**** AVAILABLE DATA

Definition ord_le (d : nat) (k : 'I_d.+1) : (k <= d)%N := ltn_ord k.
Definition wid (d : nat) (k : 'I_d.+1) : 'I_k -> 'I_d := widen_ord (ord_le k).

(* \hat x_{r,c} = x_{r,c} - x_{d+1,c}, for r, c in [d] (0-based here). *)
Definition xhat (d : nat) (V : 'M[R]_(d.+1, d)) (r c : 'I_d) : R :=
  V (widen_ord (leqnSn d) r) c - V ord_max c.

(* nat-indexed column access (out-of-range values are never used below). *)
Definition xhatn (d : nat) (V : 'M[R]_(d.+1, d)) (r : 'I_d) (c : nat) : R :=
  if insub c is Some c' then xhat V r c' else 0.

Definition Xhat (d : nat) (V : 'M[R]_(d.+1, d)) (s : 'S_d) (k : 'I_d.+1) : 'M[R]_k :=
  \matrix_(r < k, c < k) xhat V (s (wid r)) (wid c).

(* \hat Y(sigma,k): k x k matrix with rows
   (1, \hat x_{sigma(r),1}, ..., \hat x_{sigma(r),k-1}) *)
Definition Yhat (d : nat) (V : 'M[R]_(d.+1, d)) (s : 'S_d) (k : 'I_d.+1) : 'M[R]_k :=
  \matrix_(r < k, c < k) (if (c == 0 :> nat) then 1 else xhatn V (s (wid r)) c.-1).

Definition zhat (d : nat) (V : 'M[R]_(d.+1, d)) (s : 'S_d) (k : 'I_d.+1) : R :=
  \det (Xhat V s k) / \det (Yhat V s k).

End SimplexDefs.

From mathcomp Require Import all_boot all_order all_algebra all_fingroup.
From mathcomp Require Import ring zify.
Set Implicit Arguments. Unset Strict Implicit. Unset Printing Implicit Defensive.
Import GRing.Theory Num.Theory.
Local Open Scope ring_scope.

(* Write Z_k(t) for the sum, over the permutations s agreeing with t at the
   positions after k, of sign(s) * zhat(s,1) * ... * zhat(s,k); we show by
   induction on k that Z_k(t) = (-1)^C(k,2) sign(t) det Xhat(t,k).
   The factor zhat(s,k+1) only depends on the set s({1..k+1}): both Xhat and
   Yhat change by the same row permutation.  It therefore factors out, and the
   remaining sum splits according to the position m <= k+1 at which t puts
   s(k+1), into the sums Z_k(t_m) for the transposed permutations
   t_m = t o (m k+1).  By induction these are signed determinants which differ
   from det Xhat(t,k) in one row, and their alternating sum is exactly the
   expansion of det Yhat(t,k+1) along its last row.  This cancels the
   denominator of zhat(t,k+1); general position makes that denominator
   nonzero. *)

Section FirstColumnOnes.
Variable R : comPzRingType.
Implicit Types f : nat -> nat -> R.

Definition sqmx f n : 'M[R]_n := \matrix_(r < n, c < n) f r c.

Definition col1mx f n : 'M[R]_n :=
  \matrix_(r < n, c < n) (if c == 0%N :> nat then 1 else f r c.-1).

Lemma det_sqmx_replace_row k f (m : 'I_k) :
  \det (sqmx (fun r => f (if r == m :> nat then k else r)) k)
  = \sum_(c < k) f k c * cofactor (sqmx f k) m c.
Proof.
rewrite (expand_det_row _ m); apply: eq_bigr => c _; rewrite !mxE eqxx.
congr (_ * _); rewrite /cofactor; congr (_ * \det _).
by apply/matrixP => a b; rewrite !mxE val_eqE eq_sym (negbTE (neq_lift _ _)).
Qed.

Lemma det_col1mx k f :
  \det (col1mx f k.+1) = (-1) ^+ k * (\det (sqmx f k)
    - \sum_(m < k) \det (sqmx (fun r => f (if r == m :> nat then k else r)) k)).
Proof.
under [X in _ - X]eq_bigr => m _ do rewrite det_sqmx_replace_row.
set Y := col1mx f k.+1; set X := sqmx f k.
rewrite (expand_det_row _ ord_max) big_ord_recl.
have minor0 : row' ord_max (col' ord0 Y) = X.
  by apply/matrixP => r c; rewrite !mxE lift0 lift_max.
have cofactorS (c : 'I_k) : cofactor Y ord_max (lift ord0 c)
     = - (-1) ^+ k * \sum_(m < k) cofactor X m c.
  (* The minor has the column of ones of [Y]; expand along it. *)
  have k0 : (0 < k)%N by apply: leq_ltn_trans (ltn_ord c).
  rewrite /cofactor (expand_det_col _ (Ordinal k0)) !mulr_sumr.
  apply: eq_bigr => r _; rewrite /cofactor.
  have -> : row' r (col' (Ordinal k0) (row' ord_max (col' (lift ord0 c) Y)))
       = row' r (col' c X).
    by apply/matrixP => a b; rewrite !mxE lift_max /= /bump /= !ltnS addnS.
  rewrite !mxE lift_max /= mul1r !exprD !expr0 /=; ring.
under [X in _ + X = _]eq_bigr => c _ do rewrite cofactorS !mxE /=.
rewrite [cofactor Y _ _]/cofactor minor0 !mxE /= exchange_big /= mulrBr addn0 mul1r.
congr (_ + _); rewrite -mulrN -sumrN mulr_sumr; apply: eq_bigr => c _.
rewrite -mulr_sumr; ring.
Qed.
End FirstColumnOnes.

Section SimplexSums.
Variables (R : realFieldType) (d : nat) (V : 'M[R]_(d.+1, d)).

(* Rows and columns are indexed by [nat] so that the matrices of all sizes
   share one entry function; the junk value 0 is never read. *)
Definition xhat_perm (s : 'S_d) (r c : nat) : R :=
  if insub r is Some r' then xhatn V (s r') c else 0.

Definition zhatn (s : 'S_d) (n : nat) : R :=
  \det (sqmx (xhat_perm s) n) / \det (col1mx (xhat_perm s) n).

Lemma insub_widen n (hn : (n <= d)%N) (r : 'I_n) :
  insub (r : nat) = Some (widen_ord hn r) :> option 'I_d.
Proof. exact: (valK (widen_ord hn r)). Qed.

Lemma Xhat_sqmx s (j : 'I_d.+1) : Xhat V s j = sqmx (xhat_perm s) j.
Proof.
apply/matrixP => r c; rewrite !mxE /xhat_perm /xhatn.
by rewrite !(insub_widen (ord_le j)).
Qed.

Lemma Yhat_col1mx s (j : 'I_d.+1) : Yhat V s j = col1mx (xhat_perm s) j.
Proof. by apply/matrixP => r c; rewrite !mxE /xhat_perm (insub_widen (ord_le j)). Qed.

Lemma zhat_zhatn s (j : 'I_d.+1) : zhat V s j = zhatn s j.
Proof. by rewrite /zhat /zhatn Xhat_sqmx Yhat_col1mx. Qed.

Definition agree_from k (s t : 'S_d) :=
  [forall r : 'I_d, (k <= r)%N ==> (s r == t r)].

Definition zsum k (t : 'S_d) : R :=
  \sum_(s | agree_from k s t) (-1) ^+ s * \prod_(j < d.+1 | (0 < j <= k)%N) zhatn s j.

Lemma agree_from_invp_lt k s t (x : 'I_d) :
  agree_from k s t -> (x < k)%N -> ((t^-1)%g (s x) < k)%N.
Proof.
move=> /forallP agr_st ltxk; rewrite ltnNge; apply/negP => le_k.
have /eqP := implyP (agr_st (t^-1 (s x))%g) le_k; rewrite permKV => /perm_inj eq_x.
by move: le_k; rewrite eq_x leqNgt ltxk.
Qed.

Lemma zhatn_agree_from k s t :
  (k <= d)%N -> agree_from k s t -> zhatn s k = zhatn t k.
Proof.
move=> hk agr_st.
pose f (r : 'I_k) : 'I_k :=
  Ordinal (agree_from_invp_lt (x := widen_ord hk r) agr_st (ltn_ord r)).
have f_inj : injective f.
  move=> a b /(congr1 val) /= /val_inj /perm_inj /perm_inj /(congr1 val) /= ab.
  exact: val_inj.
pose rho := perm f_inj.
have t_rho r : t (widen_ord hk (rho r)) = s (widen_ord hk r).
  rewrite permE; have -> : widen_ord hk (f r) = (t^-1 (s (widen_ord hk r)))%g.
    exact: val_inj.
  by rewrite permKV.
have X_rho : sqmx (xhat_perm s) k = row_perm rho (sqmx (xhat_perm t) k).
  by apply/matrixP => r c; rewrite !mxE /xhat_perm !(insub_widen hk) t_rho.
have Y_rho : col1mx (xhat_perm s) k = row_perm rho (col1mx (xhat_perm t) k).
  by apply/matrixP => r c; rewrite !mxE /xhat_perm !(insub_widen hk) t_rho.
rewrite /zhatn X_rho Y_rho !row_permE !det_mulmx det_perm invfM mulrACA.
by rewrite divff ?mul1r // signr_eq0.
Qed.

********

Scan the data above for the string "mathcomp" and copy each line where it appears.

From mathcomp Require Import all_boot all_order all_algebra all_fingroup.
From mathcomp Require Import ring zify.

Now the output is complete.